Brace for a no-deal Brexit budget

Brace for a no-deal Brexit budget

Richard Asquith, VP of global indirect tax at Avalara, imagines a scenario in March next year where we are faced with a no-deal Brexit - and what measures Chancellor Philip Hammond might take

Brace for a no-deal Brexit budget

It is 19 March 2019, and the run-up to Brexit has not gone well. We are facing a no-deal exit in 10 days’ time. It’s time for the government to show what ‘taking back control’ looks like.

The UK Withdrawal Agreement was voted down twice by parliament as Conservative rebels, Labour and the DUP refused to bolster the government’s minority. Attempts by Labour to force a general election failed due to the Fixed-term Parliaments Act lock. And the last hope of a Brexit postponement, a hearing at the European Court of Justice on the right of the UK to unilaterally rescind its Article 50 exit, was spurned by European judges. So, by automatic operation of the law, the UK leaves the EU on 29 March 2019 with a no-deal exit.

Chancellor Philip Hammond has therefore announced an emergency Brexit budget with just 10 days to go. Now that the pound as dropped below parity with the Euro, and is just 10p above 1:1 with the dollar, he needs to come-up with some big ideas that show he knows how the UK can survive and thrive with a hard Brexit. Here are some of the crisis measures he may present.

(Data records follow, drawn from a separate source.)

Definition lower_approx L k J : R := \sum_(0 <= v < b ^ L)
  visits R b k J.+1 (kcount b d (n * b ^ L + v)) / (n * b ^ L + v).+1%:R.

Lemma lower_approx_le L k J : (kn + L <= k)%N ->
  lower_approx L k J <= \sum_(0 <= m < n.+1 * b ^ (J + L)) adm_weight R b d n k m.
Proof.
move=> k_ge; rewrite sum_adm_weight_regroup //.
by apply: ler_sum_nat => v _; apply: sum_layers_ge; apply: prefix_gt0.
Qed.

Lemma lower_approx_cvg L k : (kn + L <= k)%N -> lower_approx L k @ \oo --> harm_lower L.
Proof.
move=> k_ge; rewrite /harm_lower /lower_approx mulr_sumr; apply: cvgn_sum_nat => v v_lt.
apply: cvgM; last exact: cvg_cst.
have := visits_cvg (R := R) b_gt1 (leq_trans (kcount_prefix_le v_lt) k_ge).
by rewrite -cvg_shiftS.
Qed.

End Bounds.

Section Harmonic.
Variables (R : realType) (b n : nat).
Hypotheses (b_gt1 : (1 < b)%N) (n_gt0 : (0 < n)%N).

(* [ln (1 + 1/n)] telescopes into the increments of [ln] over [[n b^L, (n+1) b^L]]. *)
Lemma harm_bounds L :
  harm_lower R b n L <= b%:R * ln (1 + (n%:R)^-1) <= harm_upper R b n L.
Proof.
set N := (n * b ^ L)%N; set M := (b ^ L)%N.
have N_gt0 : (0 < N)%N by rewrite muln_gt0 n_gt0 expb_gt0.
have ln_tele : ln (1 + (n%:R)^-1) =
    \sum_(0 <= v < M) (ln (N + v).+1%:R - ln (N + v)%:R) :> R.
  rewrite (@telescope_sumr_eq _ 0 M (fun v => ln (N + v)%:R)) // => [|v _]; last first.
    by rewrite addnS.
  rewrite -ln_div ?posrE ?ltr0n ?addn0 //; last by rewrite addn_gt0 N_gt0.
  congr ln; rewrite /N /M natrD natrM; field.
  by rewrite !pnatr_eq0 -!lt0n n_gt0 expb_gt0.
have step v := ln_succ_sub_ln R (prefix_gt0 b_gt1 n_gt0 L v).
rewrite ln_tele /harm_lower /harm_upper; apply/andP; split;
  by rewrite ler_wpM2l ?ler0n //; apply: ler_sum_nat => v _; have /andP[] := step v.
Qed.

Lemma harm_gap L : harm_upper R b n L - harm_lower R b n L <= b%:R / L.+1%:R.
Proof.
set N := (n * b ^ L)%N; set M := (b ^ L)%N.
have L_lt_M : (L < M)%N by apply: ltn_expl.
have M_le_N : (M <= N)%N by rewrite /N leq_pmull.
rewrite /harm_upper /harm_lower -mulrBr -sumrB.
rewrite (@telescope_sumr_eq _ 0 M (fun v => - ((N + v)%N%:R)^-1)) // => [|v _]; last first.
  by rewrite addnS opprK addrC.
rewrite addn0 ler_wpM2l ?ler0n //.
have inv_ge0 : 0 <= ((N + M)%N%:R : R)^-1 by rewrite invr_ge0 ler0n.
apply: (@le_trans _ _ ((N%:R)^-1)); first lra.
by rewrite lef_pV2 ?posrE ?ltr0n ?ler_nat; lia.
Qed.

End Harmonic.

Section Series.
Variables (R : realType) (b d n : nat).
Hypotheses (b_gt1 : (1 < b)%N) (d_lt_b : (d < b)%N) (n_gt0 : (0 < n)%N).

Local Notation kn := (kcount b d n).

Definition adm_series k : \bar R :=
  \sum_(m <oo | admissible b d n k m) ((m%:R : R)^-1)%:E.

Lemma adm_partial_sumE k M :
  (\sum_(0 <= m < M | admissible b d n k m) ((m%:R : R)^-1)%:E)%E =
  (\sum_(0 <= m < M) adm_weight R b d n k m)%:E.
Proof. by rewrite sumEFin big_mkcond. Qed.

Lemma adm_series_bounds L k : (kn + L <= k)%N -> adm_series k \is a fin_num /\
  harm_lower R b n L <= fine (adm_series k) <= harm_upper R b n L.
Proof.
move=> k_ge; have term_ge0 m : (0 <= ((m%:R : R)^-1)%:E)%E by rewrite lee_fin invr_ge0.
have S_le : (adm_series k <= (harm_upper R b n L)%:E)%E.
  apply: lime_le; first by apply: is_cvg_nneseries => m _ _.
  by apply: nearW => M; rewrite adm_partial_sumE lee_fin partial_adm_le_upper.
have approx_le J : ((lower_approx R b d n L k J)%:E <= adm_series k)%E.
  apply: le_trans (nneseries_lim_ge (n.+1 * b ^ (J + L))%N _); last by move=> m _ _.
  by rewrite adm_partial_sumE lee_fin lower_approx_le.
have S_fin : adm_series k \is a fin_num.
  rewrite ge0_fin_numE ?(le_lt_trans S_le) ?ltry //.
  apply: le_trans (approx_le 0%N); rewrite lee_fin.
  by apply: sumr_ge0 => v _; rewrite divr_ge0 ?visits_ge0.
split => //; apply/andP; split; last by rewrite -lee_fin fineK.
rewrite -(cvg_lim _ (lower_approx_cvg b_gt1 k_ge)) //.
apply: limr_le; first exact: cvgP (lower_approx_cvg b_gt1 k_ge).
by apply: nearW => J; rewrite -lee_fin fineK.
Qed.

Lemma adm_series_close L k : (kn + L <= k)%N -> adm_series k \is a fin_num /\
  `|b%:R * ln (1 + (n%:R)^-1) - fine (adm_series k)| <= b%:R / L.+1%:R.
Proof.
move=> k_ge; have [S_fin /andP[lo_le le_hi]] := adm_series_bounds k_ge.
have /andP[lo_le' le_hi'] := harm_bounds R b_gt1 n_gt0 L.
have gap := harm_gap R b_gt1 n_gt0 L.
split => //; move: lo_le le_hi lo_le' le_hi' gap.
set s := fine _; set t := (b%:R * _)%R; set q := (b%:R / _)%R.
set lo := harm_lower _ _ _ _; set hi := harm_upper _ _ _ _.
by rewrite ler_norml => *; apply/andP; split; lra.
Qed.

End Series.

Local Open Scope ereal_scope.

Theorem mainTheorem16 (R : realType) (b d n : nat)
  (hb : (2 <= b)%N) (hd : (d < b)%N) (hn : (0 < n)%N) :
  (fun k : nat => \sum_(m <oo | admissible b d n k m) ((m%:R : R)^-1)%:E)
    @ \oo --> ((b%:R * ln (1 + (n%:R)^-1))%:E : \bar R).
Proof.
apply/fine_cvgP; split.
  apply: filterS (nbhs_infty_ge (kcount b d n + 0)) => k k_ge.
  by have [] := adm_series_close R hb hd hn k_ge.
apply/cvgrPdist_le => e e_gt0.
pose L := Num.truncn (b%:R / e).
apply: filterS (nbhs_infty_ge (kcount b d n + L)) => k k_ge.
have [_ close] := adm_series_close R hb hd hn k_ge.
apply: le_trans close _; rewrite ler_pdivrMr ?ltr0n // mulrC -ler_pdivrMr //.
exact/ltW/truncnS_gt.
Qed.
Theorem mainTheorem4 (R : realType) (n : nat) (Phi : 'rV[R]_n -> R)
    (C : set 'rV[R]_n) :
  (2 <= n)%N -> gauge_like Phi -> s_convex Phi C ->
  (exists u0 : 'rV[R]_n, enorm u0 = 1 /\
     C `<=` [set x | 0 <= dotv x u0] `&` Ssph Phi) /\
  (closed_in_S Phi C ->
   exists (u0 : 'rV[R]_n) (alpha : R), [/\ enorm u0 = 1, 0 < alpha,
     C `<=` [set x | alpha <= dotv x u0] `&` Ssph Phi &
     C `<=` [set x | Ssph Phi x /\ 0 < dotv x u0]]).
Proof.
move=> _ hPhi hC; have CS : C `<=` Ssph Phi by case: hC.
split=> [|closedC].
  have [u [_ uu Cu]] := weak_separation hPhi hC (s := [::]) (fun c _ => perp_nil c).
  by exists u; split; [exact: enorm_unit | move=> c Cc; split; [exact: Cu | exact: CS]].
have cC := closed_in_S_compact hPhi closedC.
have [u uu [alpha alpha0 Calpha]] := compact_s_convex_separation hPhi hC cC.
exists u, alpha; split=> [||c Cc|c Cc] //; first exact: enorm_unit.
  by split; [exact: Calpha | exact: CS].
by split; [exact: CS | exact: lt_le_trans alpha0 (Calpha c Cc)].
Qed.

  • A temporary cut in VAT from 20% to 17.5%, injecting over £12billion into shoppers’ pockets. This would mirror Labour’s Alistair Darling’s one-year cut in 2008/9 at the height of the financial crisis. The great advantage of such a tax stimulus would that it could be imposed overnight, with companies having to manage the re-calculations and pricing. However, as the Labour cut showed, little of the tax saved was passed onto the consumer. Most of it was retained by retailers and acted as a subsidy for that sector. This may be a good thing: the Chancellor will want to avoid further morale-draining headlines of big-name retailers going under.
  • Unilaterally slashing import tariffs on consumer goods and food. On leaving the EU’s customs union, the UK will be free to set its own import tariffs and duties regimes. It would however have to treat all countries, EU and non-EU, equally under World Trade Organisation rules. The Chancellor would want to use a tariff cut as a quick and clear demonstration of virtues of the UK’s post-Brexit status as a free-trade leader.
  • Extend the corporation tax rate cut to 15%. The UK is already committed to a rate cut from today’s 19% to 17% in April 2020. This will make it the lowest in the G20 countries. But the Chancellor will want to launch a rebranding of the UK as the low-tax ‘Singapore’ of Europe. He will now be looking to exploit the lack of uncompetitive harmful tax restrictions that the EU failed to impose on the UK with the hard Brexit. This will involve making the UK a highly efficient tax destination for international holding companies and investment holdings. However, the UK is actually prohibited from aggressive tax avoidance measures through its participation in the OECD BEPS program. Aside from lowering the corporation tax rate, this could be further sweetened to include some future beneficial free trade agreement with the EU to give an advantage to offshore businesses seeking easy access to the EU’s 450m+ consumers.
  • Postponed import VAT accounting. This £7billion measure was already mooted in the 2018 no-deal guidance notes as a cash-flow relief for importers.

Reassuring the markets that the numbers add up

At this point, the financial markets have already largely priced in to currencies and UK debt the effect of a hard Brexit. But the Chancellor will have to show that his emergency stimuli announcements are not going to send the deficit backwards after good progress in the past year. He will bring forward a number of initiatives to demonstrate this, including:

  • Ending of higher rate pension relief. This has long been suggested, but only a Brexit crisis would be big enough to endure the backlash from Conservative party loyalists. It would raise at least £10billion, and play well politically since most of the tax subsidy goes to just a few, well-monied tax payers.
  • Reversing the early personal allowance rise. In the October 2018 budget, the Chancellor brought forward by one year a planned 2020 rise in the personal allowance to £12,500. Given the working assumption there was a negotiated EU-departure, it could be spun as sensible economics to stall this measure to help fund the extra incentive measures.
  • Ending Entrepreneurs’ Relief. This lowered capital gains tax relief has always been suspect on the basis that it rewarded entrepreneurs once they exited businesses, rather than incentivising them to enter into new ventures. It costs over £2.7bn per annum.

Whichever measures – spending and savings – the Chancellor opts for in the face of the no-deal Brexit, they will have to each run well into the billions. Otherwise they will lack the impact to counter the massive shock facing the country in 10 days. And, perhaps more importantly, they could fail to convince the markets and the UK people that someone is in control now.